Analysis and correlation of small dense low-density lipoprotein-cholesterol (sdLDL-C) with various lipoproteins and cardiac markers in acute coronary syndrome patients associated with normal Low-density lipoprotein-cholesterol (LDL-C) level: A cross sectional study.

 

Greeshma B. Kotian1, Mahalaxmi S. Petimani2, Prabhakar Adake3, Rahul Ramanujam4*,

Afrah B. Kunjibettu5

1Associate Professor of Biochemistry, AJ Institute of Medical Sciences and Research Centre,

Mangalore, Karnataka, India.

2Associate Professor of Biochemistry, KAHER’s JGMM Medical College, Hubballi, Karnataka, India.

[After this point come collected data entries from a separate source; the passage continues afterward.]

(* sum over the ends of e at v of the derivative of f_e at v pointing into e *)
Definition out_deriv {G : MGraph} {X : Type} (iota : gpt G -> X) (f : X -> R)
  (v : V G) (e : Ed G) : R :=
  (if decP (src e = v) then slope iota f e else 0) +
  (if decP (tgt e = v) then - slope iota f e else 0).

Definition sumR {A : Type} (g : A -> R) (l : list A) : R :=
  fold_right (fun a acc => g a + acc) 0 l.

Definition harmonic {G : MGraph} {X : Type} (d : X -> X -> R)
  (iota : gpt G -> X) (f : X -> R) : Prop :=
  continuous_on_space d f /\ linear_on_edges iota f /\
  forall v : V G, ~ bdry v ->
    forall l : list (Ed G), NoDup l -> (forall e, In e l <-> incident e v) ->
      sumR (out_deriv iota f v) l = 0.

Definition critical_pt {G : MGraph} {X : Type} (iota : gpt G -> X) (f : X -> R)
  (p : gpt G) : Prop :=
  match p with GV _ => True | GE e _ => slope iota f e = 0 end.

Definition regular_value {G : MGraph} {X : Type} (iota : gpt G -> X)
  (f : X -> R) (t : R) : Prop :=
  (exists x, f x = t) /\
  (forall p, valid p -> critical_pt iota f p -> f (iota p) <> t).

(* derivative of f at p (a point of f^{-1}(t) interior to an edge), along the
   edge of G_t = {f >= t} incident on p, pointing from p into that edge *)
Definition nu_deriv {G : MGraph} {X : Type} (iota : gpt G -> X) (f : X -> R)
  (t : R) (p : gpt G) : R :=
  match p with
  | GV _ => 0
  | GE e s =>
      if decP (exists h, 0 < h /\ forall h', 0 < h' < h -> t <= f (iota (GE e (s + h'))))
      then slope iota f e else - slope iota f e
  end.

Definition enumerates_level {G : MGraph} {X : Type} (iota : gpt G -> X)
  (f : X -> R) (t : R) (L : list (gpt G)) : Prop :=
  NoDup L /\ forall p, In p L <-> (valid p /\ f (iota p) = t).

From Stdlib Require Import Reals List.
From Stdlib Require Import Lra Lia Permutation Classical ClassicalEpsilon FinFun.
Open Scope R_scope.

(* The band {t2 <= f <= t1} is compact and misses the boundary, since f = C < t2 on E
   and f > t1 on its complement; as every point of the graph has a neighbourhood
   meeting finitely many vertices and edges, the band meets only finitely many of them.
   Summing Kirchhoff's law over the vertices strictly inside the band, an edge with
   slope f' contributes |f'| if it crosses the level t1 and -|f'| if it crosses t2
   (an edge with both ends inside contributes f' - f' = 0).  At a regular value each
   point of the level set is interior to a crossing edge, where the inward derivative
   of {f >= t} is |f'|, so the two sums are the two fluxes. *)

Lemma decP_true (P : Prop) : P -> decP P = true.
Proof. unfold decP; destruct (excluded_middle_informative P); tauto. Qed.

3Professor and Head, Department of Pharmacology,

KAHER’s JGMM Medical College, Hubballi, Karnataka, India.

4Registrar, Department of Cardiology, Yenepoya Medical College,

Yenepoya (Deemed to be University), Mangalore, Karnataka, India.

5Final year medical scholar, Yenepoya Medical College,

Yenepoya (Deemed to be University), Mangalore, Karnataka, India.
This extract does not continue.